Set down, character for character, everything in the records below from the line holding "(* The coefficient" down to the line holding "Definition digraph_of (prec", and no other line.

──────

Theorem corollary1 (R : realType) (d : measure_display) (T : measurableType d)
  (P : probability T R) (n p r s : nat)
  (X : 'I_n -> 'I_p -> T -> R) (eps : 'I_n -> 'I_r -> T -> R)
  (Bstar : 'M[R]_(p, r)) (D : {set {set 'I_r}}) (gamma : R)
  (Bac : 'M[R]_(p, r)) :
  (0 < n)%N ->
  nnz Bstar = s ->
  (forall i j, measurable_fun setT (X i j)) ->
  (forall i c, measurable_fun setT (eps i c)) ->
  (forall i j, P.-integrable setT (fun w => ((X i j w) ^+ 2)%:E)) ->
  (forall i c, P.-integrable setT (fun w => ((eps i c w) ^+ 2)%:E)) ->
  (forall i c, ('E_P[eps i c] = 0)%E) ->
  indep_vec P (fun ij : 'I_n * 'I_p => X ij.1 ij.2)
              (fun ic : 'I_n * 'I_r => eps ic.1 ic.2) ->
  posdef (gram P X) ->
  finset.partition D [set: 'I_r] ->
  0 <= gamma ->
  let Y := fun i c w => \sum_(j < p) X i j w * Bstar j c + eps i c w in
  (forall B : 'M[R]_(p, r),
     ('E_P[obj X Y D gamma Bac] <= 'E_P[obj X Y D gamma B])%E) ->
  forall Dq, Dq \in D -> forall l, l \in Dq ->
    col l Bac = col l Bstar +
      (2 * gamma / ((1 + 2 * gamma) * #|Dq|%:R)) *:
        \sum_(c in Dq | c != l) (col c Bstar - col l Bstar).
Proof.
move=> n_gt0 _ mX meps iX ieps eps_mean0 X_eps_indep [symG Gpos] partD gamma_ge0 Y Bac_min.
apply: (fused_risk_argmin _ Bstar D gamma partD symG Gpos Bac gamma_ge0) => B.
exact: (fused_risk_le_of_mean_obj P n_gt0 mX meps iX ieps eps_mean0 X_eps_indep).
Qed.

──────

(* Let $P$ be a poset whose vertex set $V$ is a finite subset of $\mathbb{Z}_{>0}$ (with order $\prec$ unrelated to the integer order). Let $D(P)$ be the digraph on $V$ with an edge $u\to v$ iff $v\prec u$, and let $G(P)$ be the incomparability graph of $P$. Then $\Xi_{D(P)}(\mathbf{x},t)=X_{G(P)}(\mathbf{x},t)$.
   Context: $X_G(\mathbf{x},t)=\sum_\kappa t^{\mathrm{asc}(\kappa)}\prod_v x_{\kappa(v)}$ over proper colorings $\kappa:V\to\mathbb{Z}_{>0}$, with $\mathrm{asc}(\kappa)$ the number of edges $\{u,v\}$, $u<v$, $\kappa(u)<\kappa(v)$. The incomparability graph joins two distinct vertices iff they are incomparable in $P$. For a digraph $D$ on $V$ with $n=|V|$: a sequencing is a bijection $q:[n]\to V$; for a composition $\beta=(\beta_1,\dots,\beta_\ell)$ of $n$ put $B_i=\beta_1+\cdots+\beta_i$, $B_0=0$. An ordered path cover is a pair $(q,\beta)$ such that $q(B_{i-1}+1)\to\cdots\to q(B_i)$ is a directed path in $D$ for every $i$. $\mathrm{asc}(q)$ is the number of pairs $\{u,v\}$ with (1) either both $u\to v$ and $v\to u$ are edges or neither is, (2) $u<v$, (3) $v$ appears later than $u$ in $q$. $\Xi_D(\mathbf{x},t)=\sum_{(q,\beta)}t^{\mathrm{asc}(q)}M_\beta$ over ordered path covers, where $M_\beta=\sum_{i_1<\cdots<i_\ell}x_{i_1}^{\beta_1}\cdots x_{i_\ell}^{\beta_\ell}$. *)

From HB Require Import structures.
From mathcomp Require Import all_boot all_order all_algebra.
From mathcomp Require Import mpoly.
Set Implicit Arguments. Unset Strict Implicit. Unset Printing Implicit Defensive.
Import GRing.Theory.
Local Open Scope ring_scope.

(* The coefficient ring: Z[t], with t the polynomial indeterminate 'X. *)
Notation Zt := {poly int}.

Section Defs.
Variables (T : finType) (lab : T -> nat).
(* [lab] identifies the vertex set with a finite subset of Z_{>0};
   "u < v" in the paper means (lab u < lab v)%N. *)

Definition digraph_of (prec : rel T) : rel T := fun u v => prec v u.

──────

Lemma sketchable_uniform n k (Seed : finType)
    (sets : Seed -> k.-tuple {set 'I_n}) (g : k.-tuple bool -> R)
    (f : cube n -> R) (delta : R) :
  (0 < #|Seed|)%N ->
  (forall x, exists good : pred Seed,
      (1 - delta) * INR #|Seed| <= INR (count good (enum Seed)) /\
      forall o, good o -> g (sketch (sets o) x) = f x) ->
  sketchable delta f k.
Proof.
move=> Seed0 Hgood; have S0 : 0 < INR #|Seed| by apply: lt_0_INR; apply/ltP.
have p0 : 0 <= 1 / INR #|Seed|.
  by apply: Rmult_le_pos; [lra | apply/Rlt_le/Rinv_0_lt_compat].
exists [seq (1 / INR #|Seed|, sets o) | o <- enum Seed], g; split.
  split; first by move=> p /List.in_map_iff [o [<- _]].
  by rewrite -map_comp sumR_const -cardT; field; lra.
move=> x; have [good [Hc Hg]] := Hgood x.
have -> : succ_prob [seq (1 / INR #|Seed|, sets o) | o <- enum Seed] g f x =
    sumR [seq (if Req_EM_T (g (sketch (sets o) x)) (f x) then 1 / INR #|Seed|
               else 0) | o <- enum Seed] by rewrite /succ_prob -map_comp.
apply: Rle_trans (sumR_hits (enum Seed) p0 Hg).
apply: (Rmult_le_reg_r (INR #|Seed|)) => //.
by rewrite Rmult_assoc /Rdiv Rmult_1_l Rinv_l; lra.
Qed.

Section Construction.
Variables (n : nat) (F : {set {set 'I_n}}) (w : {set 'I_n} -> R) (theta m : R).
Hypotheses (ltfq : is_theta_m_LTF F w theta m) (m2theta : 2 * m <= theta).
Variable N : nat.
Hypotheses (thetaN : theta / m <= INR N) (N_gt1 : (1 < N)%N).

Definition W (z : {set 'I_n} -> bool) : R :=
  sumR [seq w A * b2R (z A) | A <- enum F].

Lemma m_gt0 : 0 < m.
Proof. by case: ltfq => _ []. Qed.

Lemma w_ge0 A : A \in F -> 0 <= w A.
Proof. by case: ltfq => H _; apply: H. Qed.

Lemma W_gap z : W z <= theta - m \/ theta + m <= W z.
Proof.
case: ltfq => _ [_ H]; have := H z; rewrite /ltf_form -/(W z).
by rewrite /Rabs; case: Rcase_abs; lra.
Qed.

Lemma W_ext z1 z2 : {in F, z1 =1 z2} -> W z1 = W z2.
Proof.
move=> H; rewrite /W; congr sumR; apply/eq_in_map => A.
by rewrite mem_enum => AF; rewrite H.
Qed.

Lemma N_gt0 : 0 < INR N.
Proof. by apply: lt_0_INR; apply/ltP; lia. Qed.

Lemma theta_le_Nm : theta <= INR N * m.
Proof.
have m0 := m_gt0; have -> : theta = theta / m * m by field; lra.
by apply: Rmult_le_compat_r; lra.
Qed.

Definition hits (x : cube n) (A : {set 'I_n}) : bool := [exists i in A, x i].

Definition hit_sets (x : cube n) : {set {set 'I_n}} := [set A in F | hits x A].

──────

| TASK RESPONSE |
(* The coefficient ring: Z[t], with t the polynomial indeterminate 'X. *)
Notation Zt := {poly int}.

Section Defs.
Variables (T : finType) (lab : T -> nat).
(* [lab] identifies the vertex set with a finite subset of Z_{>0};
   "u < v" in the paper means (lab u < lab v)%N. *)

Definition digraph_of (prec : rel T) : rel T := fun u v => prec v u.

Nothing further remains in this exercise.